蘇傾自別墅搬出來之後,還沒有正式采買衣服和生活用品。周末,她敲敲門,提出逛商場的時候,江諺即刻蓋上筆蓋,從書桌前站起來:“我也去。”

商場的女裝一向走在季節前面,秋天還未過完,綴着絨毛衣領的冬裝已經占領了櫥窗。

二人肩并肩走着,江諺的手揣在褲子口袋,一旁明眸皓齒的女孩個頭抵到他肩膀,梳着兩個麻花辮,偶爾會有路人回頭看這一對,覺得他們有漫畫般的和諧感。

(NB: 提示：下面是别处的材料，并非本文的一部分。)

(* Since char k <> 2, q(u) = B(u,u) can be recovered from the polar form
   polar(u,w) = B(u,w) + B(w,u).  A non-degenerate q carries an infinite
   orthonormal sequence v_0, v_1, ...: if every vector orthogonal to
   v_0, ..., v_(m-1) were isotropic, q would be a sum of m squares of linear
   forms.  Pairing v_2i with v_2i+1 by a square root of -1 yields hyperbolic
   pairs (f_i, g_i), for which q (sum_i x_i f_i + y_i g_i) = sum_i x_i y_i.
   On the other side, the members of the countable spanning family of W that
   are not in the span of their predecessors form a basis with coordinate
   forms c_j, and splitting the matrix of q' into its upper triangle writes
   q'(w) = sum_j c_j(w) y_j(w) with linear forms y_j vanishing beyond the
   support of w.  Then w |-> sum_j c_j(w) f_j + y_j(w) g_j is the embedding. *)

From HB Require Import structures.
From mathcomp Require Import all_boot all_algebra.
From mathcomp Require Import ring zify.
From Stdlib Require Import ClassicalEpsilon.
Set Implicit Arguments. Unset Strict Implicit. Unset Printing Implicit Defensive.
Import GRing.Theory.
Local Open Scope ring_scope.

Definition linear_of (k : fieldType) (W V : lmodType k) (f : W -> V)
    (fL : forall a u v, f (a *: u + v) = a *: f u + f v) : {linear W -> V} :=
  HB.pack f (GRing.isLinear.Build k W V *:%R f fL).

蘇傾好不容易才在一家店裏折扣櫃裏發現了不起眼的一排秋裝,把衣架取下來,隔着玻璃櫥窗比劃給江諺看。

店裏試衣服的女孩子很多,他懶得進來,就在店門口站着。

他看着她手上拿着的白色上衣,面無表情地搖了下頭,指了指她身後。

蘇傾回過頭,後面是一件胸前打蝴蝶繩結的娃娃領短袖,很乖很板,繩結是海軍藍色,袖子上有暗褶。

海軍藍莊重,沉靜,通常是制服的顏色,蘇傾看着它,目光慢慢變得溫柔起來。

蘇傾換上了新外套和鞋子,捏着根冰棒吃,天氣漸冷,棒冰冒着白色的寒氣,貼在嘴唇上像黏住了一樣。

江諺手上拎着四五個紙袋子,走到了一層的玻璃展櫃前,蘇傾俯下身去,兩個辮子蕩下來。

“江諺,”她點點展櫃,“挑一只打火機送給你吧。”

“為什麽?”

“今天你都沒有買什麽東西。”

江諺意味不明地笑了一聲:“鼓勵我抽煙?”

蘇傾臉色變了,忙要直起身子:“那算了。”

剛要起身,他也趴在了展櫃上,就趴在她旁邊,同她一起往裏看:“你說的,買給我。”

蘇傾想,現在她有十萬塊,給他買什麽不成?但是煙抽多了确實不好,便麻利地起身:“之前不是同你換了一個?”

胳膊讓他一拉,又拽回展櫃前:“你那打火機不成,中看不中用。”

她猶豫了一會兒,妥協了:“那你挑一個吧。”

江諺的目光在展櫃裏的成排火機裏逡巡,默了一會兒,點了點寶藍色的那一款:“這個吧,跟你衣服一個顏色。”

櫃臺小姐粲然笑着,露出八顆牙齒,把它取出來包好:“我們這邊有優惠哦,任意兩款可以打八五折,請問先生小姐參加嗎?可以挑一個情侶款。我們這裏還有新款女士煙……”

“不參加。”江諺把蘇傾忙伸出的手摁下去,“她不抽。”扭頭瞥蘇傾一眼,眼神有點兇,“你自己說。”

蘇傾看了看他,收回手,聽話地說:“我不抽。”

櫃臺小姐的眼珠在兩人之間靈活地逡巡,掩口笑了笑:“好乖哦。”

江諺垂着眼,“咔嚓”“咔嚓”地試着打火機,渾似沒聽到。蘇傾安靜地拎過袋子,臉上泛出了淺淺的紅。

商場外面陽光燦爛,門口有一家主題玩具店,幾只熊坐在明亮的櫥窗裏,好多小孩子趴在櫥窗前玩鬧,在上面留下了帶着水霧的指印。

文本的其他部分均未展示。